[Stored data entries]
========================================
Definition tailsum (M : monomial) (i : nat) (k : int) : int :=
  \sum_(t <- M | (t.1.1 == i) && (k < t.1.2)) t.2.

(* epsilon_i(M) = max_k (- sum_{j>k} y_i(j)); this max is always >= 0
   (the tail sum vanishes for k large), so epsilon_i(M) = 0 iff all the
   tail sums are >= 0.  Highest weight: epsilon_i(M) = 0 for all i in I. *)
Definition highest_weight (n : nat) (M : monomial) : Prop :=
  forall (i : nat), (1 <= i <= n)%N -> forall k : int, 0 <= tailsum M i k.

Inductive letter := Unb of nat | Bar of nat.

Definition letter_valid (n : nat) (a : letter) : bool :=
  match a with Unb i => (1 <= i <= n)%N | Bar i => (1 <= i <= n)%N end.

Definition lrank (n : nat) (a : letter) : nat :=
  match a with Unb i => i | Bar i => (2 * n + 1 - i)%N end.

Definition lt_letter (n : nat) (a b : letter) : bool := (lrank n a < lrank n b)%N.

Definition sl (n j : nat) : letter :=
  if (j <= n)%N then Unb j else Bar (2 * n - j + 1)%N.

Definition Xvar (n : nat) (a : letter) (k : int) : monomial :=
  match a with
  | Unb i => [:: (i, k, 1); (i.-1, k + 1, -1)]
  | Bar i => [:: (i.-1, k + (n - i + 1)%N%:Z, 1); (i, k + (n - i + 1)%N%:Z, -1)]
  end.

(* X_{a_1}(k+m-1) X_{a_2}(k+m-2) ... X_{a_k}(m) for a list ls = [a_1;...;a_k] *)
Definition Xprod (n : nat) (ls : seq letter) (m : int) : monomial :=
  flatten [seq Xvar n (nth (Unb 0) ls t) ((size ls)%:Z + m - 1 - t%:Z)
          | t <- iota 0 (size ls)].

Definition inMk (n k : nat) (m : int) (M : monomial) : Prop :=
  exists ls : seq letter,
    [/\ size ls = k, all (letter_valid n) ls, sorted (lt_letter n) ls
      & M = Xprod n ls m].

From mathcomp Require Import all_boot all_order all_algebra.
From mathcomp Require Import zify.
Set Implicit Arguments. Unset Strict Implicit. Unset Printing Implicit Defensive.
Import Order.TTheory GRing.Theory Num.Theory.
Local Open Scope ring_scope.

(* Write each X_{s_r}(k) as Y[ypos r k] / Y[ypos (r-1) (k+1)] and order positions
   by time, then index.  The positive Y of X_{s_r} then lies strictly below its
   negative Y when r >= 2, and an initial run s_1 ... s_a of a column telescopes to
   Y[ypos a], which lies strictly below the negative Y of the next letter.  If every
   positive Y_i(k) (i in I) of a monomial lies strictly below some Y_j(l)^-1 (j in I),
   nothing compensates a maximal such negative factor, so the tail sum of y_j after
   l - 1 is negative.  M_1 has this property and contains the negative Y of its last
   letter at time >= m + 1 + (p-n)_+; so has M_2, unless it is the run s_1 ... s_q,
   i.e. the single Y[ypos q 1] at time 1 + (q-n)_+, which the hypothesis on m, p, q
   places strictly below that factor of M_1. *)

Lemma tailsum_cat M1 M2 i k : tailsum (M1 ++ M2) i k = tailsum M1 i k + tailsum M2 i k.
Proof. by rewrite /tailsum big_cat. Qed.

Lemma Xprod_cons n a ls m :
  Xprod n (a :: ls) m = Xvar n a ((size ls)%:Z + m) ++ Xprod n ls m.
Proof.
rewrite /Xprod /= (iotaDl 1 0) -map_comp; congr (Xvar _ _ _ ++ flatten _).
  by lia.
by apply: eq_map => t /=; congr Xvar; lia.
Qed.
========================================
• [Work request] Copy out only the lines above from the one with "From mathcomp Require Import all_boot" to the one with "Local Open Scope ring_scope.", inclusive, exactly as they stand.

• [Solution to the exercise]
From mathcomp Require Import all_boot all_order all_algebra.
From mathcomp Require Import zify.
Set Implicit Arguments. Unset Strict Implicit. Unset Printing Implicit Defensive.
Import Order.TTheory GRing.Theory Num.Theory.
Local Open Scope ring_scope.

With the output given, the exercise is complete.